==== EXERCISE DATA

Lemma quadratic_lipschitz_entry_growth D D' (G : 'cV[R]_D -> 'M[R]_D') (Ce e : R) :
  (forall z z', normF (G z - G z') <=
     Ce * (1 + norm2 (z - z') * (norm2 z + norm2 z'))
     + e * (norm2 z ^+ 2 + norm2 z' ^+ 2)) ->
  forall z i j, `|G z i j| <= Ce + normF (G 0) + (Ce + e) * sqnorm2 z.
Proof.
move=> GL z i j; have := GL z 0.
rewrite subr0 norm2_0 !addr0 expr0n /= addr0 -expr2 norm2_sqr => Gz.
rewrite -[G z](subrK (G 0)) mxE; apply: le_trans (ler_normD _ _) _.
apply: le_trans (lerD (entry_le_normF _ i j) (entry_le_normF _ i j)) _.
rewrite [X in _ <= X](_ : _ = Ce * (1 + sqnorm2 z) + e * sqnorm2 z + normF (G 0)).
  exact: lerD Gz (lexx _).
by ring.
Qed.

Lemma sum_sqnorm2_layer_inputs D C (w : nat -> R) :
  \sum_(c < C) sqnorm2 (\col_(i < D) w (c * D + i)%N) = \sum_(k < C * D) w k ^+ 2.
Proof.
elim: C => [|C IH]; first by rewrite mul0n !big_ord0.
rewrite big_ord_recr /= IH -!(big_mkord xpredT (fun k => w k ^+ 2)) mulSnr.
rewrite (big_cat_nat _ (leq_addr _ _)) //=; congr (_ + _).
rewrite /sqnorm2 -{2}[(C * D)%N]add0n big_addn addKn big_mkord.
by apply: eq_bigr => i _; rewrite mxE addnC.
Qed.

Lemma layer_map_psd_box D D' (G : 'cV[R]_D -> 'M[R]_D') (C : nat) (Q : 'M[R]_D)
    (w : nat -> R) (K B M t : R) :
  (0 < C)%N -> 0 <= B -> (forall z, sym_psd (G z)) ->
  (forall z i j, `|G z i j| <= K + B * sqnorm2 z) -> psd_box M Q ->
  \sum_(k < C * D) w k ^+ 2 <= t * (C * D)%:R ->
  psd_box (K + B * (M * D%:R) * (t * D%:R)) (layer_map G C Q w).
Proof.
move=> C0 B0 Gpsd Ggrowth [_ QM] small; split.
  apply: sym_psdZ; first by rewrite invr_ge0.
  by apply: big_ind => //; [exact: sym_psd0 | exact: sym_psdD].
have MD0 := entry_bound_mul_dim_ge0 QM.
move=> i j; rewrite /layer_map mxE summxE normrM ger0_norm ?invr_ge0 //.
set Z := fun c : 'I_C => \col_(k < D) w (c * D + k)%N.
apply: (@le_trans _ _ (C%:R^-1 * \sum_(c < C) (K + B * (M * D%:R) * sqnorm2 (Z c)))).
  rewrite ler_wpM2l ?invr_ge0 //; apply: le_trans (ler_norm_sum _ _ _) _.
  apply: ler_sum => c _; apply: le_trans (Ggrowth _ i j) _.
  by rewrite lerD2l -mulrA ler_wpM2l // sqnorm2_psd_sqrt_mul_le.
have C0' : (0 : R) < C%:R by rewrite ltr0n.
rewrite big_split /= sumr_const card_ord -mulr_sumr sum_sqnorm2_layer_inputs.
rewrite mulrDr -[K *+ C]mulr_natr mulrCA mulVf ?gt_eqF // mulr1 lerD2l mulrCA.
by rewrite ler_wpM2l ?(mulr_ge0 B0 MD0) // ler_pdivrMl // mulrCA -natrM.
Qed.
Lemma evle_after p e r x : sch = p ++ e :: r -> x \notin p -> x != e -> evle a d e x.
Proof.
case: sch_valid => _ + sch_eq; rewrite sch_eq pairwise_cat /= => /and3P[_ _ /andP[after _]].
move=> xp xe; have := mem_sch x; rewrite sch_eq mem_cat in_cons (negbTE xp) (negbTE xe).
exact: (allP after).
Qed.

Lemma nitems_lt_rho S p i r : run_inv S p -> sch = p ++ (true, i) :: r ->
  ~~ pres S i -> (nitems S < rho)%N.
Proof.
move=> [_ presS _] sch_eq npi.
have sub : [set x | pres S x] \proper [set x | present a d (a i) x].
  apply/fintype.properP; split.
    apply/fintype.subsetP => x; rewrite !inE presS => /andP[tx fx].
    apply/andP; split; first exact: evle_etime (evle_before sch_eq tx).
    by have := evle_after sch_eq fx isT; rewrite /evle /= andbF orbF.
  by exists i; rewrite !inE ?(negbTE npi) // /present lexx ltrDl d_gt0.
by apply: leq_trans (proper_card sub) _; case: rho_max.
Qed.

Lemma run_inv_step S p b i r S' : run_inv S p -> step sz alpha S (b, i) S' ->
  sch = p ++ (b, i) :: r -> run_inv S' (rcons p (b, i)).
Proof.
move=> inv st sch_eq; case: (inv) => invS presS guessS.
case: b st sch_eq => /= st sch_eq.
- have [npi _] := st.
  have [invS' presS' eg] := arrive_packing_inv sz_ge0 alpha_lt_half invS st.
  split=> //; last by rewrite eg; exact: guess_bounded_next (nitems_lt_rho inv sch_eq npi) guessS.
  move=> j; rewrite presS' presS !mem_rcons !in_cons !xpair_eqE /=.
  case: (eqVneq j i) => [->|_] //=.
  apply/esym/negP => /(evle_before sch_eq)/evle_etime; rewrite /etime /=.
  by have := d_gt0 i; lra.
- have [invS' presS' eg] := depart_packing_inv sz_ge0 alpha_lt_half invS st.
  split=> [//||]; last by rewrite eg.
  move=> j; rewrite presS' presS !mem_rcons !in_cons !xpair_eqE /=.
  by case: (eqVneq j i) => [->|] //=; rewrite andbF.
Qed.

Lemma run_inv_steps S q S' : steps sz alpha S q S' ->
  forall p, run_inv S p -> (exists r, sch = p ++ q ++ r) -> run_inv S' (p ++ q).
Proof.
elim=> [T|T [b i] es T1 T2 st _ IH] p inv [r sch_eq]; first by rewrite cats0.
rewrite -cat_rcons; apply: IH (run_inv_step inv st sch_eq) _.
by exists r; rewrite cat_rcons.
Qed.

========

BRIEF -> Which of the lines above carry the string "andP"? Copy every one.

EXPECTED ANSWER ->
case: sch_valid => _ + sch_eq; rewrite sch_eq pairwise_cat /= => /and3P[_ _ /andP[after _]].
    apply/fintype.subsetP => x; rewrite !inE presS => /andP[tx fx].
    apply/andP; split; first exact: evle_etime (evle_before sch_eq tx).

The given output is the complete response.